In the 1990s, the siblings, along with their brother Klee, created a punk rock band called Blackfire when they were teenagers. In 2011, the band broke up. According to the siblings, while Blackfire was based on their anger at injustice, they created Sihasin to empower and inspire others to create change.

==History==
After their former band Blackfire went on hiatus, the group formed in 2012, with Janeda on bass and Clayson on drums. They released their debut album, Never Surrender, in 2012 on Tacoho Records. In 2013, Sihasin performed at the Gathering of Nations for the first time.

In 2015, Sihasin's rock cover of "Winter Wonderland" was included on the album Punk Rock Christmas, released by Cleopatra Records. The song was later used in Hyundai's "Naughty or Nice" ad campaign in 2017.

Sihasin collaborated on The Okee Dokee Brothers' song "Sister Moon and Brother Sun", included on the 2017 album Saddle Up. The album was nominated for best children's album at the 2017 Grammy Awards.
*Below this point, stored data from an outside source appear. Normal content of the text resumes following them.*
Lemma adj_xsum0_on S a : link_closed S -> invariant (xsum0_on S) (A_ a).
Proof.
move=> S_closed v [v_sum0 v_supp]; split=> [|y yS]; first exact: adj_xsum0.
rewrite ev_adj sum_by_xR big1 // => l _.
case: (boolP (l \in S)) => lS; last first.
  by rewrite big1 // => z zl; rewrite v_supp ?mulr0 // (xR_rel zl).
have const z : z \in xR l -> r y z = r y (pt1 l).
  move=> zl; apply/eqP; apply: contraNT yS => neq; apply: S_closed lS.
  by apply/exists_inP; exists y; rewrite ?xRP //; apply/exists_inP; exists z => //;
    apply/exists_inP; exists (pt1 l); rewrite ?pt1_in.
under eq_bigr => z zl do rewrite const //.
by rewrite -mulr_sumr v_sum0 mulr0.
Qed.

Lemma dual_xsum0 a : invariant xsum0 (E_ a).
Proof.
move=> v v_sum0 m; under eq_bigr => y ym do rewrite ev_dual (xR_rel ym).
by rewrite -mulr_sumr v_sum0 mulr0.
Qed.

Lemma dual_xsum0_on S a : invariant (xsum0_on S) (E_ a).
Proof.
move=> v [v_sum0 v_supp]; split=> [|y yS]; first exact: dual_xsum0.
by rewrite ev_dual v_supp ?mulr0.
Qed.

Lemma terw_xsum0_on S M : link_closed S -> T M -> invariant (xsum0_on S) M.
Proof.
move=> S_closed; apply: terw_invariant => [||a|]; last exact: dual_xsum0_on.
- move=> u v [u0 us] [v0 vs]; split=> [a|y yS]; last by rewrite evD us ?vs ?addr0.
  by under eq_bigr do rewrite evD; rewrite big_split /= u0 v0 addr0.
- move=> c v [v0 vs]; split=> [a|y yS]; last by rewrite evZ vs ?mulr0.
  by under eq_bigr do rewrite evZ; rewrite -mulr_sumr v0 mulr0.
- exact: adj_xsum0_on.
Qed.

Definition charv l := vec_of (fun y => (r x y == l)%:R).

Definition diffv l := vec_of (fun y => (y == pt1 l)%:R - (y == pt2 l)%:R).

Lemma charv_xconst l : xconst (charv l).
Proof. by move=> y y' Eyy'; rewrite !ev_vec_of Eyy'. Qed.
Sihasin's album, Fight Like a Woman, was released in 2018 by Tacoho Records, and recorded with producer Ed Stasium. In 2019, the album won "Best Rock Recording" at the Native American Music Awards.

During COVID-19, the band switched to performing online to replace in-person tours. In 2020, Sihasin performed as part of the Homegrown Concert series from the Library of Congress, which was streamed online due to the pandemic. In 2021, the band was selected by American Music Abroad, a cultural diplomacy program that shares American music internationally and is sponsored by the U.S. Department of State; as part of the program, they performed through international virtual tours, and they produced a single titled "We the People", which premiered digitally on July 4 in each American embassy.